I've got an equation of the form
$$ a^4+1=2b. \qquad(\star) $$
By well-known results regarding the sum of two squares, $b$ must be the sum of two squares. But does $(\star)$ force any other restrictions on $b$ as a result of the left-hand side being the sum of two fourth powers?
On
We get a little information about factors of $b-1$: $$2(b-1)=a^4-1=(a^2-1)(a^2+1)=(a+1)(a-1)(a^2+1)$$
On
Every prime factor $p$ of $b$ must be $\equiv 1 \pmod{8}$, since $a^4 \equiv -1 \pmod{p}$. For a sum of two squares, you only get that the odd prime factors of $b$ are $\equiv 1 \pmod{4}$ (or appear with an even power, but if one of the squares is $1$, that excludes any prime factor $\equiv 3 \pmod{4}$).
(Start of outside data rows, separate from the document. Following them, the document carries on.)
(* Assume the standing hypotheses described in the context. For any $y\in B(x_0,R)$, \[-f(\|y-x_0\|)\le\|F'(x_0)^{-1}F(y)\|\le f(\|y-x_0\|)+2\|y-x_0\|.\]
   Context: Standing hypotheses: $\mathbb X,\mathbb Y$ are Banach spaces; $B(x,r)$ is the open ball. $R\in\mathbb R$, $C\subseteq\mathbb X$, $F:C\to\mathbb Y$ is continuous and continuously differentiable on $\mathrm{int}(C)$, $x_0\in\mathrm{int}(C)$ with $F'(x_0)$ non-singular, $f:[0,R)\to\mathbb R$ is continuously differentiable, $B(x_0,R)\subseteq C$, $\|F'(x_0)^{-1}[F'(y)-F'(x)]\|\le f'(\|y-x\|+\|x-x_0\|)-f'(\|x-x_0\|)$ for all $x,y\in B(x_0,R)$ with $\|x-x_0\|+\|y-x\|<R$, $\|F'(x_0)^{-1}F(x_0)\|\le f(0)$, and (h1) $f(0)>0$, $f'(0)=-1$; (h2) $f'$ is strictly increasing and convex; (h3) $f(t)<0$ for some $t\in(0,R)$. *)

From HB Require Import structures.
From mathcomp Require Import all_boot all_order all_algebra.
From mathcomp Require Import all_classical all_reals all_analysis.
Set Implicit Arguments. Unset Strict Implicit. Unset Printing Implicit Defensive.
Import Order.TTheory GRing.Theory Num.Theory.
Import numFieldNormedType.Exports.
Local Open Scope classical_set_scope.
Local Open Scope ring_scope.

Definition opnorm {R : realType} {X Y : normedModType R} (L : X -> Y) : R :=
  sup [set `|L x| | x in [set x : X | `|x| <= 1]].

Definition cont_diff_on {R : realType} {X Y : normedModType R}
  (F : X -> Y) (A : set X) : Prop :=
  forall x, A x -> differentiable F x /\
    (fun y => opnorm (fun v => 'd F y v - 'd F x v)) @ x --> (0 : R).

From HB Require Import structures.
From mathcomp Require Import all_boot all_order all_algebra.
From mathcomp Require Import all_classical all_reals all_analysis.
From mathcomp Require Import ring lra.
Import Order.TTheory GRing.Theory Num.Theory.
Import numFieldNormedType.Exports.
Local Open Scope classical_set_scope.
Local Open Scope ring_scope.
Set Implicit Arguments. Unset Strict Implicit.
The number $1$ is the most restrictive thing. $b$ can only be divisible by primes such as $$ 17,41,73,89,97, \cdots $$ that is primes $p \equiv 1 \pmod 8.$
It is fairly quick to rule out primes $q \equiv 3 \pmod 4.$ I will see what I can do about a reference for primes for which $-1$ is a quartic residue satisfying $p \equiv 1 \pmod 8.$ EDIT: It is if and only if, and follows from the supplementary laws at the bottom of page 82, after Theorem 4.21 in Primes of the Form $x^2 + n y^2$ by David A. Cox.
The main thing is that there are far fewer numbers of your type up to some large bound $N,$ roughly $\sqrt {\sqrt N}.$ The count of sums of two squares up to $n$ is about $$ \frac{0.7642 \, N}{\sqrt {\log N}}, $$ which is a much larger figure.